In 2010, AVIC and China Construction Bank established a $3 billion private equity fund to acquire dual-use technology companies and invest in defense research and development projects to support the restructuring and development of China's aviation industry. As a strategic partner, the Tianjin municipal government pledged an initial $75 million to support the fund.

Since then, AVIC has gone on a multibillion-dollar international buying spree. In the U.S., its portfolio now includes Continental Motors, Cirrus Aircraft and Nexteer Automotive. Despite congressional concerns regarding AVIC's military ties and the potential for technology diversion, the Obama administration approved all of the company's U.S. acquisitions.

Last year, the state of Tennessee offered funds and access to Oak Ridge National Laboratories to Cirrus, then already under AVIC ownership, as part of an incentive package for the aircraft manufacturer to move jobs to the state. Oak Ridge is no ordinary laboratory but rather one of the world's foremost advanced materials, supercomputing, and additive manufacturing research and development centers.

Additive manufacturing, more commonly known as 3-D printing, is a top priority for China's defense industry. It is also an important technology for advancing China's space and aviation programs. AVIC is reportedly using 3-D printing for its J-20 stealth fighter jet program and other military programs.

While Cirrus reportedly has not yet gotten access to Oak Ridge, Tennessee's offer highlights the potential national security risks involved in Chinese state-owned defense enterprises acquiring foreign technologies under commercial arrangements and the potential for diversion.

Under the MCF umbrella, AVIC, alongside other state-owned enterprises such as China Shipbuilding Industry and CNOOC, is being deployed by Beijing to assert territorial claims in the South China Sea. Last October, President Xi declared that SOEs should "become important forces to implement decisions [and] ... major strategies to enhance overall national power, economic and social development and people's wellbeing."

Beijing's use of commercial entities as extensions of the party-state is only generating greater suspicion of Chinese overseas investment. In the U.S., policymakers are now responding to Beijing's use of commercial entities to advance national strategies and objectives. In its annual report to Congress in November, the U.S.-China Economic and Security Review Commission recommended that lawmakers bar Chinese SOEs from acquiring or gaining effective control of U.S. companies. The following month, U.S. Senator Marco Rubio introduced a bill calling for the imposition of sanctions on Chinese companies and individuals participating in "Beijing's illegitimate operations in the South China Sea and East China Sea."

While these actions are helpful at shining a spotlight on SOE activities in the U.S., lawmakers must do more to counter Beijing's misuse of commercial entities. Government reviews of Chinese transactions must consider MCF's dual-use focus, even for technologies not considered cutting-edge.
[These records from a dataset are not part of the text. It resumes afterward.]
(* Let $R,LM,C,\widetilde C,Ceq,\widetilde{Ceq}$ be as below, assume all conditions (1.1)–(7b) listed below hold, and let $\sim,\simeq$ be as below. Then for all data in $C,\widetilde C$ (with $n=l(\Gamma_1)=l(\Gamma'_1)$ or $n=l(\Gamma)$): (1) if $(\Gamma_1,T)\sim(\Gamma'_1,T')$ and $(\Gamma_1,\Gamma_2)\sim(\Gamma'_1,\Gamma'_2)$, then $(\Gamma_1,T,t_{n+1}\Gamma_2)\sim(\Gamma'_1,T',t_{n+1}\Gamma'_2)$; (2) if $(\Gamma_1,T)\sim(\Gamma'_1,T')$ and $(\Gamma_1,\Gamma_2\vdash o:S)\simeq(\Gamma'_1,\Gamma'_2\vdash o':S')$, then $(\Gamma_1,T,t_{n+1}\Gamma_2\vdash t_{n+1}o:t_{n+1}S)\simeq(\Gamma'_1,T',t_{n+1}\Gamma'_2\vdash t_{n+1}o':t_{n+1}S')$; (3) if $(\Gamma_1\vdash r:T)\simeq(\Gamma'_1\vdash r':T')$ and $(\Gamma_1,T,\Gamma_2)\sim(\Gamma'_1,T',\Gamma'_2)$, then $(\Gamma_1,s_{n+1}(\Gamma_2[r/n+1]))\sim(\Gamma'_1,s_{n+1}(\Gamma'_2[r'/n+1]))$; (4) if $(\Gamma_1\vdash r:T)\simeq(\Gamma'_1\vdash r':T')$ and $(\Gamma_1,T,\Gamma_2\vdash o:S)\simeq(\Gamma'_1,T',\Gamma'_2\vdash o':S')$, then $(\Gamma_1,s_{n+1}(\Gamma_2[r/n+1])\vdash s_{n+1}(o[r/n+1]):s_{n+1}(S[r/n+1]))\simeq(\Gamma'_1,s_{n+1}(\Gamma'_2[r'/n+1])\vdash s_{n+1}(o'[r'/n+1]):s_{n+1}(S'[r'/n+1]))$; (5) if $(\Gamma,T)\sim(\Gamma',T')$, then $(\Gamma,T\vdash n+1:t_{n+1}T)\simeq(\Gamma',T'\vdash n+1:t_{n+1}T')$. Conditions (for all well-formed data, $n=l(\Gamma)$, $i=l(\Gamma_1)$): (1.1) $(\rhd)$; (1.2) $(\Gamma,T\rhd)\Rightarrow(\Gamma\rhd)$; (1.3) $(\Gamma\vdash r:R)\Rightarrow(\Gamma,R\rhd)$; (1.4) $(\Gamma,T\rhd)\wedge(\Gamma,\Delta\vdash r:R)\Rightarrow(\Gamma,T,t_{n+1}\Delta\vdash t_{n+1}r:t_{n+1}R)$; (1.5) $(\Gamma\vdash s:S)\wedge(\Gamma,S,\Delta\vdash r:R)\Rightarrow(\Gamma,s_{n+1}(\Delta[s/n+1])\vdash s_{n+1}(r[s/n+1]):s_{n+1}(R[s/n+1]))$; (1.6) $(\Gamma,T\rhd)\Rightarrow(\Gamma,T\vdash n+1:t_{n+1}T)$; (2a) $(\Gamma\vdash T=T')\Rightarrow(\Gamma,T\rhd)$; (2b) $(\Gamma,T\rhd)\Rightarrow(\Gamma\vdash T=T)$; (2c),(2d) symmetry and transitivity of $(\Gamma\vdash T=T')$; (3a) $(\Gamma\vdash o=o':T)\Rightarrow(\Gamma\vdash o:T)$; (3b) $(\Gamma\vdash o:T)\Rightarrow(\Gamma\vdash o=o:T)$; (3c),(3d) symmetry and transitivity of $(\Gamma\vdash o=o':T)$; (4a) $(\Gamma_1\vdash T=T')\wedge(\Gamma_1,T,\Gamma_2\vdash S=S')\Rightarrow(\Gamma_1,T',\Gamma_2\vdash S=S')$; (4b) $(\Gamma_1\vdash T=T')\wedge(\Gamma_1,T,\Gamma_2\vdash o=o':S)\Rightarrow(\Gamma_1,T',\Gamma_2\vdash o=o':S)$; (4c) $(\Gamma\vdash S=S')\wedge(\Gamma\vdash o=o':S)\Rightarrow(\Gamma\vdash o=o':S')$; (5a) $(\Gamma_1,T\rhd)\wedge(\Gamma_1,\Gamma_2\vdash S=S')\Rightarrow(\Gamma_1,T,t_{i+1}\Gamma_2\vdash t_{i+1}S=t_{i+1}S')$; (5b) $(\Gamma_1,T\rhd)\wedge(\Gamma_1,\Gamma_2\vdash o=o':S)\Rightarrow(\Gamma_1,T,t_{i+1}\Gamma_2\vdash t_{i+1}o=t_{i+1}o':t_{i+1}S)$; (6a) $(\Gamma_1,T,\Gamma_2\vdash S=S')\wedge(\Gamma_1\vdash r:T)\Rightarrow(\Gamma_1,s_{i+1}(\Gamma_2[r/i+1])\vdash s_{i+1}(S[r/i+1])=s_{i+1}(S'[r/i+1]))$; (6b) $(\Gamma_1,T,\Gamma_2\vdash o=o':S)\wedge(\Gamma_1\vdash r:T)\Rightarrow(\Gamma_1,s_{i+1}(\Gamma_2[r/i+1])\vdash s_{i+1}(o[r/i+1])=s_{i+1}(o'[r/i+1]):s_{i+1}(S[r/i+1]))$; (7a) $(\Gamma_1,T,\Gamma_2,S\rhd)\wedge(\Gamma_1\vdash r=r':T)\Rightarrow(\Gamma_1,s_{i+1}(\Gamma_2[r/i+1])\vdash s_{i+1}(S[r/i+1])=s_{i+1}(S[r'/i+1]))$; (7b) $(\Gamma_1,T,\Gamma_2\vdash o:S)\wedge(\Gamma_1\vdash r=r':T)\Rightarrow(\Gamma_1,s_{i+1}(\Gamma_2[r/i+1])\vdash s_{i+1}(o[r/i+1])=s_{i+1}(o[r'/i+1]):s_{i+1}(S[r/i+1]))$.
   Context: $[n]=\{1,\dots,n\}$. $R$ is a monad on Sets (unit $\eta$, Kleisli extension $\mathrm{bind}$), $LM$ a left $R$-module with action $\rho(f):LM(X)\to LM(Y)$ for $f:X\to R(Y)$. Elements of $Y$ are regarded in $R(Y)$ via $\eta_Y$; $E(f_1/1,\dots,f_m/m)$ is $\rho(f)(E)$ or $\mathrm{bind}(f)(E)$ with $f(i)=f_i$. For $E$ in $LM([m])$ or $R([m])$, $m\ge n$: $t_{n+1}E:=E(1/1,\dots,n/n,n+2/n+1,\dots,m+1/m)$; for $m\ge n+1$, $s\in R([n])$: $s_{n+1}(E[s/n+1]):=E(1/1,\dots,n/n,s/n+1,n+1/n+2,\dots,m-1/m)$; both applied componentwise to sequences. $C,\widetilde C,Ceq,\widetilde{Ceq}$ are subsets of $\coprod_n\prod_{j<n}LM([j])$, $\coprod_n(\prod_{j\le n}LM([j]))\times R([n])$, $\coprod_n(\prod_{j<n}LM([j]))\times LM([n])^2$, $\coprod_n(\prod_{j\le n}LM([j]))\times R([n])^2$. Contexts: $\Gamma=(T_1,\dots,T_n)$, $T_j\in LM([j-1])$, $l(\Gamma)=n$, $ft$ drops the last entry, commas concatenate. $(\Gamma\rhd)$: $\Gamma\in C$; $(\Gamma\vdash t:T)$: $(\Gamma,T,t)\in\widetilde C$; $(\Gamma\vdash S=S')$: $(\Gamma,S,S')\in Ceq$; $(\Gamma\vdash o=o':S)$: $(\Gamma,S,o,o')\in\widetilde{Ceq}$. $\sim$ on $C$: $(T_1,\dots,T_n)\sim(T'_1,\dots,T'_n)$ iff $n=0$ or ($ft$'s related and $(T_1,\dots,T_{n-1}\vdash T_n=T'_n)$); different lengths never related. $\simeq$ on $\widetilde C$: $(\Gamma\vdash o:S)\simeq(\Gamma'\vdash o':S')$ iff $(\Gamma,S)\sim(\Gamma',S')$ and $(\Gamma\vdash o=o':S)$. *)

From mathcomp Require Export all_boot.

Set Implicit Arguments.
Unset Strict Implicit.
Unset Printing Implicit Defensive.

(* Conventions: the finite set [n] = {1,...,n} is represented by the ordinal
   type 'I_n = {0,...,n-1}; the variable k of [n] is the ordinal k-1. *)

Record monad := Monad {
  mon : Type -> Type;
  ret : forall X : Type, X -> mon X;
  bind : forall X Y : Type, (X -> mon Y) -> mon X -> mon Y;
  bind_ret_l : forall (X Y : Type) (f : X -> mon Y) (x : X), bind f (ret x) = f x;
  bind_ret_r : forall (X : Type) (m : mon X), bind (@ret X) m = m;
  bind_assoc : forall (X Y Z : Type) (f : X -> mon Y) (g : Y -> mon Z) (m : mon X),
      bind g (bind f m) = bind (fun x => bind g (f x)) m }.
Arguments ret {_ _} _.
Arguments bind {_ _ _} _ _.
(* Let $M=(S,\mathrm{Act},P)$ be an MDP, $T\subseteq S$, $\mathrm{rew}\colon S\to\mathbb{R}_{\ge0}$, $\mathrm{opt}\in\{\min,\max\}$. Let $(x,r)\in[0,\infty]^S\times\mathbb{N}_\infty^S$ satisfy: (1) $\tilde D^{\overline{\mathrm{opt}}}(r)\le r$; (2) $x\le E^{\mathrm{opt}}(x)$; (3) for all $s\in S$, $x(s)=\infty$ implies $r(s)<\infty$ (inequalities pointwise). Then $\mathbb{E}^{\mathrm{opt}}_s(\Diamond T)\ge x(s)$ for all $s\in S$.
   Context: An MDP is a tuple $M=(S,\mathrm{Act},P)$ with $S$ finite, $\mathrm{Act}$ finite, $P\colon S\times\mathrm{Act}\times S\to[0,1]$ with $\sum_{s'}P(s,a,s')\in\{0,1\}$; $\mathrm{Act}(s)=\{a\mid\sum_{s'}P(s,a,s')=1\}$ is nonempty for all $s$; $\mathrm{Post}(s,a)=\{s'\mid P(s,a,s')>0\}$. A strategy is $\sigma\colon S\to\mathrm{Act}$ with $\sigma(s)\in\mathrm{Act}(s)$, inducing a Markov chain with transitions $P(s,\sigma(s),\cdot)$. $\overline{\min}=\max$, $\overline{\max}=\min$. For an infinite path $s_0s_1\ldots$, the accumulated reward is $\sum_{k=0}^{n-1}\mathrm{rew}(s_k)$ with $n=\min\{i\mid s_i\in T\}$ if $T$ is visited, and $\infty$ otherwise; $\mathbb{E}^\sigma_s(\Diamond T)$ is its expectation under $\sigma$ from $s$, $\mathbb{E}^{\mathrm{opt}}_s(\Diamond T)=\mathrm{opt}_\sigma\mathbb{E}^\sigma_s(\Diamond T)$. $E^{\mathrm{opt}}(x)(s)=0$ for $s\in T$ and $\mathrm{rew}(s)+\mathrm{opt}_{a\in\mathrm{Act}(s)}\sum_{s'\in\mathrm{Post}(s,a)}P(s,a,s')x(s')$ for $s\notin T$, with $p\cdot\infty=\infty$ for $p>0$, $a+\infty=\infty$. $\mathbb{N}_\infty=\mathbb{N}\cup\{\infty\}$. For $\mathrm{opt}'\in\{\min,\max\}$, the complementary distance operator is $\tilde D^{\mathrm{opt}'}(r)(s)=\infty$ for $s\in T$ and $\mathrm{opt}'_{a\in\mathrm{Act}(s)}\big(\min_{s'\in\mathrm{Post}(s,a)}r(s')+[\exists u,v\in\mathrm{Post}(s,a)\colon r(u)\ne r(v)]\big)$ for $s\notin T$, where $[\varphi]\in\{0,1\}$ is the Iverson bracket and $\infty+1=\infty$. *)

From HB Require Import structures.
From mathcomp Require Import all_boot all_order all_algebra.
From mathcomp Require Import all_classical all_reals all_analysis.

Set Implicit Arguments.
Unset Strict Implicit.
Unset Printing Implicit Defensive.

Import Order.TTheory GRing.Theory Num.Theory.
Local Open Scope ring_scope.

Inductive opt_kind := OptMin | OptMax.
Definition opt_dual (o : opt_kind) : opt_kind :=
  match o with OptMin => OptMax | OptMax => OptMin end.
Lemma sum_wt_subset C : \sum_(S : {set T} | S \subset C) wt S = 4 ^+ #|C|.
Proof.
elim/set_ind: C => [|C k kC IH]; first by rewrite big_subset0 /wt cards0 expr0.
rewrite big_subsetU1 // cardsU1 kC add1n exprS -IH mulr_sumr.
by apply: eq_bigr => S sSC; rewrite wt_setU1; [ring | apply: contra kC => /(subsetP sSC)].
Qed.

End Weights.

Arguments wt {R T} S.

Section Poincare.
Variables (R : realFieldType) (T : finType).
Implicit Types (C S : {set T}) (g : {set T} -> R).

Definition mass C g := \sum_(S : {set T} | S \subset C) wt S * g S.
Definition energy C g := \sum_(S : {set T} | S \subset C) wt S * g S ^+ 2.
Definition edge_energy C g j :=
  \sum_(S : {set T} | S \subset C) (if j \in S then 0 else wt S * (g (j |: S) - g S) ^+ 2).
Definition dirichlet C g := \sum_(j in C) edge_energy C g j.

Lemma mass_cauchy_schwarz C g : mass C g ^+ 2 <= 4 ^+ #|C| * energy C g.
Proof. by rewrite -sum_wt_subset; apply: weighted_cauchy_schwarz => S _; apply: wt_ge0. Qed.

Section SplitLastCoordinate.
Variables (C : {set T}) (k : T).
Hypothesis kC : k \notin C.

Lemma notin_subset S : S \subset C -> k \notin S.
Proof. by move=> sSC; apply: contra kC => /(subsetP sSC). Qed.

Lemma mass_setU1 g : mass (k |: C) g = mass C g + 3 * mass C (fun S => g (k |: S)).
Proof.
rewrite /mass big_subsetU1 // big_split mulr_sumr; congr (_ + _).
by apply: eq_bigr => S /notin_subset kS; rewrite wt_setU1 ?mulrA.
Qed.

Lemma energy_setU1 g : energy (k |: C) g = energy C g + 3 * energy C (fun S => g (k |: S)).
Proof.
rewrite /energy big_subsetU1 // big_split mulr_sumr; congr (_ + _).
by apply: eq_bigr => S /notin_subset kS; rewrite wt_setU1 ?mulrA.
Qed.
(* Assume the noise-free case $M=I_n$, $N=0$ (so $Q=I_n$, $R(\mathcal D)=X_+-BU_-$ and $\Sigma(\mathcal D)=\{A\in\mathbb{R}^{n\times n}: X_+-BU_-=AX_-\}$), and assume $\Sigma(\mathcal D)\neq\varnothing$. Let $\mathcal F$ be the set of all $v\in\mathbb{R}^T$ such that $v\in\big(\mathcal J^*(\mathcal D)^\perp\cap\ker(CX_-)\big)\setminus\{0\}$ and $X_+v\notin X_+\mathcal J^*(\mathcal D)$. For $\lambda\in\mathbb{C}$ and $v\in\mathcal F$, define the perturbation $\Delta\mathcal D(\lambda,v):=(\Delta_{X_-},\Delta_{X_+},\Delta_{U_-},\Delta_{Y_-})$ with $\Delta_{X_-}=0$, $\Delta_{U_-}=0$, $\Delta_{Y_-}=0$ and $$\Delta_{X_+}:=(\lambda X_--X_++BU_-)v\,\zeta^\mathsf{T},\qquad \zeta:=\frac{\operatorname{proj}_{\mathcal S_+}(v)}{\|\operatorname{proj}_{\mathcal S_+}(v)\|_2^2},$$ so that $\|\Delta\mathcal D(\lambda,v)\|_{\mathrm F}^2=\|\Delta_{X_+}\|_{\mathrm F}^2=\|(\lambda X_--X_++BU_-)v\|_2^2/\|\operatorname{proj}_{\mathcal S_+}(v)\|_2^2$. Then $$\inf_{\lambda\in\mathbb{C},\,v\in\mathcal F}\|\Delta\mathcal D(\lambda,v)\|_{\mathrm F}\ \ge\ d_{\mathrm{UNOBS}}(\Sigma(\mathcal D))\,\sigma_{\min}(X_-).$$
   Context: Setting. Let $n,m,p,T$ be positive integers, $B\in\mathbb{R}^{n\times m}$, $C\in\mathbb{R}^{p\times n}$, $D\in\mathbb{R}^{p\times m}$, and let $\mathcal D=(X_-,X_+,U_-,Y_-)$ be data with $X_-,X_+\in\mathbb{R}^{n\times T}$, $U_-\in\mathbb{R}^{m\times T}$, $Y_-\in\mathbb{R}^{p\times T}$. With $M=I_n$, $N=0$: $P(\mathcal D)=X_-$, $Q=I_n$, $R(\mathcal D)=X_+-BU_-$. The maximum weakly unobservable coefficient space $\mathcal J^*(\mathcal D)$ is the largest subspace $\mathcal J\subseteq\mathbb{R}^T$ satisfying $$\begin{bmatrix}R(\mathcal D)\\ CP(\mathcal D)\end{bmatrix}\mathcal J\subseteq \big(QP(\mathcal D)\mathcal J\big)\times\{0\}+\operatorname{im}\begin{bmatrix}QB\\ D\end{bmatrix}.$$ $\mathcal S_+:=\mathcal J^*(\mathcal D)^\perp\cap\operatorname{im}(X_+^\mathsf{T})$, and $\operatorname{proj}_{\mathcal S_+}$ is orthogonal projection onto it. For $A\in\mathbb{R}^{n\times n}$, $d_{\mathrm{UNOBS}}(A):=\inf_{\lambda\in\mathbb{C}}\sigma_{\min}\!\left(\begin{bmatrix}\lambda I_n-A\\ C\end{bmatrix}\right)$, where $\sigma_{\min}$ of this $(n+p)\times n$ complex matrix is its smallest ($n$-th) singular value, and $d_{\mathrm{UNOBS}}(\Sigma(\mathcal D)):=\inf_{A\in\Sigma(\mathcal D)}d_{\mathrm{UNOBS}}(A)$. $\sigma_{\min}(X_-)$ denotes the smallest of the $\min(n,T)$ singular values of $X_-$. The infimum over an empty set is $+\infty$. *)

From HB Require Import structures.
From mathcomp Require Import all_boot all_order all_algebra.
From mathcomp Require Import all_classical all_reals ereal.
From mathcomp.real_closed Require Import complex.

Set Implicit Arguments.
Unset Strict Implicit.
Unset Printing Implicit Defensive.

Import Order.TTheory GRing.Theory Num.Theory.
Local Open Scope ring_scope.
Local Open Scope complex_scope.
Local Open Scope classical_set_scope.

Section Defs.
Variable R : realType.
Local Notation C := R[i].

Definition toC {k l : nat} (M : 'M[R]_(k, l)) : 'M[C]_(k, l) :=
  map_mx (fun x : R => x%:C) M.

Definition adjmx {k l : nat} (M : 'M[C]_(k, l)) : 'M[C]_(l, k) :=
  map_mx (@conjc R) M^T.
Fixpoint insert_sorted (x : R) (l : list R) : list R :=
  match l with
  | nil => x :: nil
  | y :: l' => if Rle_dec x y then x :: y :: l' else y :: insert_sorted x l'
  end.
Fixpoint isort (l : list R) : list R :=
  match l with nil => nil | x :: l' => insert_sorted x (isort l') end.
(* k-min of the sequence l, for 1 <= k <= length l *)
Definition kmin (k : nat) (l : list R) : R := nth (k - 1) (isort l) 0.

(* None stands for +infinity *)
Definition odds (a : R) : option R :=
  if Req_EM_T a 1 then None else Some (a / (1 - a)).
Definition ext_scale (c : R) (x : option R) : option R :=
  match x with None => None | Some y => Some (c * y) end.
Definition ext_le (x y : option R) : Prop :=
  match x, y with
  | _, None => True
  | None, Some _ => False
  | Some a, Some b => a <= b
  end.
(* F(Kt)/(1-F(Kt)) >= 2 F(t)/(1-F(t)) for all t > 0, with 1/0 = infinity *)
Definition condC (F : R -> R) (K : R) : Prop :=
  forall t, 0 < t -> ext_le (ext_scale 2 (odds (F t))) (odds (F (K * t))).

Definition is_quantile (G : R -> R) (r q : R) : Prop :=
  (forall s, s < q -> G s <= r) /\ r <= G q.

Definition is_median (Om : ProbSpace) (Y : ps_car Om -> R) (M : R) : Prop :=
  1/2 <= ps_P Om (fun w => Y w <= M) /\ 1/2 <= ps_P Om (fun w => M <= Y w).

From Stdlib Require Import Reals Lra Lia List Sorting.Sorted Classical
  FunctionalExtensionality PropExtensionality.
Open Scope R_scope.

(* The event {kmin <= c} is the event "at least k of the independent events
   {X_i <= c} occur", so its probability is the tail [tail_poly p n k] of a
   Poisson-binomial law with success probabilities p_i = F_i(c).
   The upper tail uses the complementary identity
   1 - tail_poly p n k = tail_poly (1 - p) n (n + 1 - k).

   Condition (C), iterated m times, says that the odds of F_i(K^m s) dominate
   2^m times the odds of F_i(s) ([odds_dom]).  An exponential-moment (Chernoff)
   bound with parameter lam = m ln 2 then turns any such domination, together
   with a sum of the dominating probabilities at most k - 1/2 (which the
   quantile q provides), into the bound 2^(-m/2) for the tail.  Choosing m from
   t by a bracket K^m < y <= K^(m+1) gives the stated powers of t, and m = 9,
   m = 13 give the median bounds. *)

Section ProbabilityBasics.
Variable Om : ProbSpace.
Implicit Types A B : ps_car Om -> Prop.

Lemma event_ext A B : (forall w, A w <-> B w) -> A = B.
Proof.
  intros H; apply functional_extensionality; intros w.
  apply propositional_extensionality; auto.
Qed.

Lemma meas_ext A B : (forall w, A w <-> B w) -> ps_meas Om A -> ps_meas Om B.
Proof. intros H; rewrite (event_ext A B H); auto. Qed.

Lemma P_ext A B : (forall w, A w <-> B w) -> ps_P Om A = ps_P Om B.
Proof. intros H; rewrite (event_ext A B H); auto. Qed.

Lemma meas_empty : ps_meas Om (fun _ => False).
Proof. apply (meas_ext (fun _ => ~ True)); [tauto | apply meas_compl, meas_full]. Qed.

Lemma meas_or A B : ps_meas Om A -> ps_meas Om B -> ps_meas Om (fun w => A w \/ B w).
Proof.
  intros HA HB.
  apply (meas_ext (fun w => exists m : nat, (if Nat.eqb m 0 then A else B) w)).
  - intros w; split.
    + intros [m Hm]; destruct (Nat.eqb m 0); auto.
    + intros [H|H]; [exists 0%nat | exists 1%nat]; auto.
  - apply meas_union; intros m; destruct (Nat.eqb m 0); auto.
Qed.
A new monitoring system should be established for periodic reviews of the activities of the acquired companies. This would provide a much-needed backstop to identify and respond to evolving national security risks posed by MCF policies.

Beijing will surely call foul on such measures. But actions like these should make clear that Chinese leaders would be better served reassessing MCF-style tactics and encouraging animal spirits, rather than political dictates, to drive corporate behavior.

Greg Levesque is managing director at Pointe Bello, a research company in Washington. Mark Stokes is executive director of Project 2049 Institute, an Asia-focused security think tank in Arlington, Virginia.